JAN JELINEK | OSA 2011





Jan Jelinek’s approach is all about the transformation of sound, about translating parameters of popular music into abstract, reduced and textural electronics.

Bypassing the rules of traditional musicianship, he prefers to construct collages from tiny sound fragments, from the lost-and-found products of samplers, tape recorders, media players and other recording implements. To this end, Jan Jelinek often works with loops and slight modulations to distil the gist of a piece of music and define it more clearly while masking its original source.
Born and raised in Darmstadt, in 1995 Jelinek moved to Berlin to study sociology and philosophy – and embark on his experiments with a wide variety of sampling media.
After a brief incubation period, in 1998 he started to release his works under a number of pseudonyms, adapting his primary sampling premise to a surprising range of different sounds. Among others, Jelinek contributed to the Hannover-based EXPO 2000: together with design collective 3DeLuxe, he crafted several multimedia land- and soundscapes for the young media pavilion.
2001 saw the release of „Loop Finding Jazz Records“, Jelinek’s first album under his own name, a selection of tracks based on old jazz recordings. Here, the original arrangements dissolved into mere acoustic situations, thus turning the medium of sound into an instrument in its own right.

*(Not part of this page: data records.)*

(* Let $0\le r,s\le n$ and $\mathbf c_1,\mathbf c_2,\mathbf c_1',\mathbf c_2'\in\mathrm{GF}(q^m)^n$ with $d_{\mathrm R}(\mathbf c_1,\mathbf c_2)>d_{\mathrm R}(\mathbf c_1',\mathbf c_2')$. Then $$|B_r(\mathbf c_1)\cap B_s(\mathbf c_2)|\le |B_r(\mathbf c_1')\cap B_s(\mathbf c_2')|.$$
   Context: The rank $\mathrm{rk}(\mathbf x)$ of $\mathbf x\in\mathrm{GF}(q^m)^n$ is the maximum number of its coordinates linearly independent over $\mathrm{GF}(q)$, and $d_{\mathrm R}(\mathbf x,\mathbf y)=\mathrm{rk}(\mathbf x-\mathbf y)$. $B_r(\mathbf x)=\{\mathbf y\in\mathrm{GF}(q^m)^n: d_{\mathrm R}(\mathbf x,\mathbf y)\le r\}$ is the ball of rank radius $r$ centered at $\mathbf x$. *)

From HB Require Import structures.
From mathcomp Require Import all_boot all_order all_algebra all_field.
Set Implicit Arguments. Unset Strict Implicit. Unset Printing Implicit Defensive.
Import GRing.Theory.
Local Open Scope ring_scope.

(* Setting: F = GF(q) a finite field, L = GF(q^m) a finite-dimensional field
   extension of F (so L is finite of order q^m, m = \dim_F L).
   Vectors of GF(q^m)^n are row vectors 'rV[L]_n; to count elements we use
   the finite-type view finvect_type L of L. *)

Section RankMetric.
Variables (F : finFieldType) (L : fieldExtType F) (n : nat).

Notation FL := (finvect_type L).

Definition rk (x : 'rV[FL]_n) : nat :=
  \dim (<<[seq (x ord0 i : L) | i <- enum 'I_n]>>%VS : {vspace L}).

Definition dR (x y : 'rV[FL]_n) : nat := rk (x - y).

Definition ballR (r : nat) (x : 'rV[FL]_n) : {set 'rV[FL]_n} :=
  [set y | dR x y <= r]%N.

End RankMetric.

From HB Require Import structures.
From mathcomp Require Import all_boot all_order all_algebra all_field.
Set Implicit Arguments. Unset Strict Implicit. Unset Printing Implicit Defensive.
Import GRing.Theory.
Local Open Scope ring_scope.

(* Writing the entries of a vector of GF(q^m)^n in a GF(q)-basis of GF(q^m)
   turns it into an n x m matrix over GF(q) whose rank is its rank weight.
   The intersection of balls then has the size of the set of splittings
   X = Y + (X - Y) with rank Y <= r and rank (X - Y) <= s, where X is the
   matrix of c1 - c2.  This count is invariant under X |-> P X Q for
   invertible P, Q, so it depends only on rank X, and it does not decrease
   when one row of X is zeroed.  For the latter, subtract from row j of every
   splitting Y a fixed row t, chosen from the other rows of Y only; this is
   injective and lands in the splittings of the new matrix, because if two
   matrices differing only in row j have rank <= k, then so does the one
   whose row j is the difference of theirs. *)

Section MatrixRank.
Variables (F : fieldType) (p q : nat).
Implicit Types (A B : 'M[F]_(p, q)) (t u : 'rV[F]_q) (j : 'I_p).

Definition row_set j A t : 'M[F]_(p, q) :=
  \matrix_(i, l) if i == j then t 0 l else A i l.

Lemma row_row_set j A t : row j (row_set j A t) = t.
Proof. by apply/rowP => l; rewrite !mxE eqxx. Qed.

Lemma row_row_set_neq j A t i : i != j -> row i (row_set j A t) = row i A.
Proof. by move=> ij; apply/rowP => l; rewrite !mxE (negPf ij). Qed.

Lemma row_set_set j A t u : row_set j (row_set j A t) u = row_set j A u.
Proof. by apply/matrixP => i l; rewrite !mxE; case: eqP. Qed.

Lemma row_setK j A : row_set j A (row j A) = A.
Proof. by apply/matrixP => i l; rewrite !mxE; case: eqP => // ->. Qed.

Lemma row_setB j A B t u : row_set j A t - row_set j B u = row_set j (A - B) (t - u).
Proof. by apply/matrixP => i l; rewrite !mxE; case: eqP. Qed.

Lemma row_set_eqmx j A t : (row_set j A t :=: row_set j A 0 + t)%MS.
Proof.
have other_rows i : i != j -> (row i (row_set j A t) :=: row i (row_set j A 0))%MS.
  by move=> ij; rewrite !row_row_set_neq.
apply/eqmxP/andP; split.
  apply/row_subP => i; have [->|ij] := eqVneq i j.
    by rewrite row_row_set addsmxSr.
  by rewrite (other_rows i ij) (submx_trans (row_sub _ _) (addsmxSl _ _)).
rewrite addsmx_sub -{2}(row_row_set j A t) row_sub andbT.
apply/row_subP => i; have [->|ij] := eqVneq i j; first by rewrite row_row_set sub0mx.
by rewrite -(other_rows i ij) row_sub.
Qed.

(* If B + t and B + u both have rank at most k, then either B already has
   rank < k, or t and u both lie in the row space of B. *)
Lemma mxrank_adds_rowB m (B : 'M[F]_(m, q)) t u k :
  (\rank (B + t)%MS <= k)%N -> (\rank (B + u)%MS <= k)%N ->
  (\rank (B + (t - u)%R)%MS <= k)%N.
Proof.
have rank_adds_row (v : 'rV_q) : (\rank (B + v)%MS <= (\rank B).+1)%N.
  apply: leq_trans (mxrank_adds_leqif B v) _.
  by rewrite -[(\rank B).+1]addn1 leq_add2l rank_leq_row.
have [ltBk _ _|geBk Btk Buk] := ltnP (\rank B) k.
  exact: leq_trans (rank_adds_row _) ltBk.
have row_sub_of_rank (v : 'rV_q) : (\rank (B + v)%MS <= k)%N -> (v <= B)%MS.
  move=> Bvk; have /mxrank_leqif_sup[_] := addsmxSl B v.
  rewrite eqn_leq (leq_trans Bvk geBk) mxrankS ?addsmxSl // => /esym/idP.
  exact: submx_trans (addsmxSr B v).
rewrite (addsmx_idPl _); last by rewrite addmx_sub ?eqmx_opp ?row_sub_of_rank.
by apply: leq_trans Btk; rewrite mxrankS ?addsmxSl.
Qed.

Lemma mxrank_row_setB j A t u k :
  (\rank (row_set j A t) <= k)%N -> (\rank (row_set j A u) <= k)%N ->
  (\rank (row_set j A (t - u)) <= k)%N.
Proof. rewrite !(row_set_eqmx j A); exact: mxrank_adds_rowB. Qed.

Lemma row_set_pid_mx d (lt_dp : (d < p)%N) :
  row_set (Ordinal lt_dp) (pid_mx d.+1) 0 = pid_mx d :> 'M[F]_(p, q).
Proof.
apply/matrixP => i l; rewrite !mxE; have [->|] := eqVneq i (Ordinal lt_dp).
  by rewrite ltnn andbF.
by rewrite -val_eqE /= ltnS leq_eqVlt => /negPf->.
Qed.

Lemma mxrank_mul_unit m n (P : 'M[F]_m) (Q : 'M[F]_n) (Y : 'M[F]_(m, n)) :
  P \in unitmx -> Q \in unitmx -> \rank (P *m Y *m Q) = \rank Y.
Proof. by move=> uP uQ; rewrite mxrankMfree ?row_free_unit // eqmxMfull ?row_full_unit. Qed.

End MatrixRank.

Section RankSplits.
Variables (F : finFieldType) (p q r s : nat).
Implicit Types (X Y : 'M[F]_(p, q)).

Definition rank_splits X : {set 'M[F]_(p, q)} :=
  [set Y | (\rank Y <= r)%N && (\rank (X - Y)%R <= s)%N].

Lemma card_rank_splits_row0 j X :
  (#|rank_splits X| <= #|rank_splits (row_set j X 0)|)%N.
Proof.
pose pick_row Z := odflt 0 [pick t | row_set j Z t \in rank_splits X].
pose shift Y := row_set j Y (row j Y - pick_row (row_set j Y 0)).
have shift_inj : injective shift.
  move=> Y1 Y2 eq12.
  have eq0 : row_set j Y1 0 = row_set j Y2 0.
    by have := congr1 (row_set j ^~ 0) eq12; rewrite !row_set_set.
  have /(congr1 (row j)) := eq12; rewrite !row_row_set eq0 => /addIr eqj.
  by rewrite -(row_setK j Y1) -(row_set_set j Y1 0) eq0 eqj row_set_set row_setK.
rewrite -(card_imset _ shift_inj) subset_leq_card //.
apply/subsetP => _ /imsetP[Y YX ->]; set Z := row_set j Y 0; set u := row j Y.
have ZuX : row_set j Z u \in rank_splits X by rewrite row_set_set row_setK.
rewrite /shift -/Z -/u /pick_row; case: pickP => [t|/(_ u)]; last by rewrite ZuX.
move: ZuX; rewrite !inE => /andP[rkZu rkXZu] /andP[rkZt rkXZt].
have -> : row_set j Y (u - t) = row_set j Z (u - t) by rewrite row_set_set.
rewrite mxrank_row_setB //=.
have -> : row_set j X 0 - row_set j Z (u - t) =
          row_set j (X - Z) ((row j X - u) - (row j X - t)).
  by rewrite row_setB; congr (row_set j _ _); rewrite sub0r [RHS]addrC !opprB addrA subrK.
by apply: mxrank_row_setB; rewrite -row_setB row_setK.
Qed.

Lemma card_rank_splits_mul (P : 'M[F]_p) (Q : 'M[F]_q) X :
  P \in unitmx -> Q \in unitmx -> #|rank_splits (P *m X *m Q)| = #|rank_splits X|.
Proof.
suff le_card P' Q' X' : P' \in unitmx -> Q' \in unitmx ->
    (#|rank_splits X'| <= #|rank_splits (P' *m X' *m Q')|)%N.
  move=> uP uQ; apply/eqP; rewrite eqn_leq le_card // andbT.
  have {2}-> : X = invmx P *m (P *m X *m Q) *m invmx Q.
    by rewrite !mulmxA mulVmx // mul1mx mulmxK.
  by rewrite le_card ?unitmx_inv.
move=> uP uQ; have PQ_inj : injective (fun Y => P' *m Y *m Q').
  move=> Y1 Y2 /(congr1 (fun Z => invmx P' *m Z *m invmx Q')).
  by rewrite !mulmxA !mulmxK // !mulVmx // !mul1mx.
rewrite -(card_imset _ PQ_inj) subset_leq_card //.
apply/subsetP => _ /imsetP[Y + ->]; rewrite !inE => /andP[rkY rkXY].
by rewrite -mulmxBl -mulmxBr !mxrank_mul_unit ?rkY.
Qed.

Lemma card_rank_splits_pid X : #|rank_splits X| = #|rank_splits (pid_mx (\rank X))|.
Proof. by rewrite -{1}(mulmx_ebase X) card_rank_splits_mul ?col_ebase_unit ?row_ebase_unit. Qed.

Lemma card_rank_splits_pid_nonincr d d' :
  (d' <= d <= p)%N -> (#|rank_splits (pid_mx d)| <= #|rank_splits (pid_mx d')|)%N.
Proof.
move=> /andP[le_d'd le_dp].
have := homo_leq_in (D := [pred i | i <= p]%N)
  (f := fun i => #|rank_splits (pid_mx i)|) (r := fun a b => b <= a)%N.
apply=> // [i j k le_ji le_kj|i j _ le_jp k /andP[_ /ltnW le_kj]|i _ lt_ip|].
- exact: leq_trans le_kj le_ji.
- exact: leq_trans le_kj le_jp.
- by rewrite -(row_set_pid_mx _ _ lt_ip) card_rank_splits_row0.
- exact: leq_trans le_d'd le_dp.
Qed.

Lemma card_rank_splits_nonincr X X' :
  (\rank X' <= \rank X)%N -> (#|rank_splits X| <= #|rank_splits X'|)%N.
Proof.
move=> le_rank; rewrite card_rank_splits_pid [leqRHS]card_rank_splits_pid.
by apply: card_rank_splits_pid_nonincr; rewrite le_rank rank_leq_row.
Qed.
End RankSplits.

Import VectorInternalTheory.

Section RankMetricAsMatrixRank.
Variables (F : finFieldType) (L : fieldExtType F) (n : nat).
Notation FL := (finvect_type L).
Implicit Types (x y : 'rV[FL]_n).

Definition coord_mx x : 'M[F]_(n, dim L) := \matrix_i v2r (x 0 i : L).

Definition coord_mx_inv (Y : 'M[F]_(n, dim L)) : 'rV[FL]_n :=
  \row_i (r2v (row i Y) : L).

Lemma coord_mxK : cancel coord_mx coord_mx_inv.
Proof. by move=> x; apply/rowP => i; rewrite !mxE rowK v2rK. Qed.

Lemma coord_mx_invK : cancel coord_mx_inv coord_mx.
Proof. by move=> Y; apply/row_matrixP => i; rewrite rowK mxE r2vK. Qed.

Lemma coord_mxB x y : coord_mx (x - y) = coord_mx x - coord_mx y.
Proof. by apply/matrixP => i l; rewrite !mxE raddfB !mxE. Qed.

Lemma coord_mxN x : coord_mx (- x) = - coord_mx x.
Proof. by apply/matrixP => i l; rewrite !mxE raddfN !mxE. Qed.

Lemma rk_coord_mx x : rk x = \rank (coord_mx x).
Proof.
rewrite /rk /dimv /span unlock_with /span_expanded_def mx2vsK.
set X := [seq x ord0 i | i <- enum 'I_n].
apply/eqmx_rank/andP; split; apply/row_subP => i.
  rewrite rowK (tnth_nth 0) /=.
  have /mapP[j _ ->] : X`_i \in X by rewrite mem_nth.
  by rewrite -(rowK (fun j => v2r (x 0 j : L)) j) row_sub.
have xiX : (x 0 i : L) \in X by apply/mapP; exists i; rewrite ?mem_enum.
have idx_x : (index (x ord0 i : L) X < size X)%N by rewrite index_mem.
have -> : row i (coord_mx x) = row (Ordinal idx_x) (b2mx (in_tuple X)).
  by rewrite !rowK (tnth_nth 0) /= nth_index.
exact: row_sub.
Qed.

Lemma card_ballR_cap r s (c1 c2 : 'rV[FL]_n) :
  #|ballR r c1 :&: ballR s c2| = #|rank_splits r s (coord_mx (c1 - c2))|.
Proof.
pose g Y := c1 - coord_mx_inv Y.
have gK : cancel g (fun y => coord_mx (c1 - y)) by move=> Y; rewrite subKr coord_mx_invK.
have hK : cancel (fun y => coord_mx (c1 - y)) g by move=> y; rewrite /g coord_mxK subKr.
rewrite -(card_imset _ (can_inj hK)) (can2_imset_pre _ hK gK); apply: eq_card => Y.
rewrite !inE /dR !rk_coord_mx /g subKr (coord_mx_invK Y) -[c2 - _]opprB.
by rewrite coord_mxN mxrank_opp addrAC (coord_mxB (c1 - c2)) (coord_mx_invK Y).
Qed.

End RankMetricAsMatrixRank.

Unset Implicit Arguments.
Local Close Scope ring_scope.

Theorem proposition2 (F : finFieldType) (L : fieldExtType F) (n r s : nat)
  (c1 c2 c1' c2' : 'rV[finvect_type L]_n) :
  (r <= n)%N -> (s <= n)%N ->
  (dR c1' c2' < dR c1 c2)%N ->
  (#|ballR r c1 :&: ballR s c2| <= #|ballR r c1' :&: ballR s c2'|)%N.
Proof.
(* The count is nonincreasing in the distance for all radii. *)
move=> _ _ lt_dR; rewrite !card_ballR_cap; apply: card_rank_splits_nonincr.
by rewrite -!rk_coord_mx ltnW.
Qed.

During the following years, Jan Jelinek collaborated with artists like Sarah Morris (ICE-Compositions) or German author Thomas Meinecke, played a range of laptop or gadget-based live sets, worked with improvisation ensembles from Japanese trio Computer Soup to the Australian jazz formation Triosk and created a number of audio-visual performances with programmer and video artist Karl Kliem for the Centre Pompidou in Paris, Kunsthalle Wien and Club Transmediale Berlin, among others.
In 2007, Jan Jelinek, Hanno Leichtmann and Andrew Pekler founded Groupshow. A deliberate lack of predetermined repertoire or timescale underscores the trio's improvisational emphasis. The resulting performances possess no clear start or end and resemble freeform installations.
In 2008, Jelinek started the label faitiche as a platform for his own sound experiments. To date, the label has released two works: Faitiche01, the forgotten oeuvre of an early electronics composer whose biography seems to veer between fiction and reality.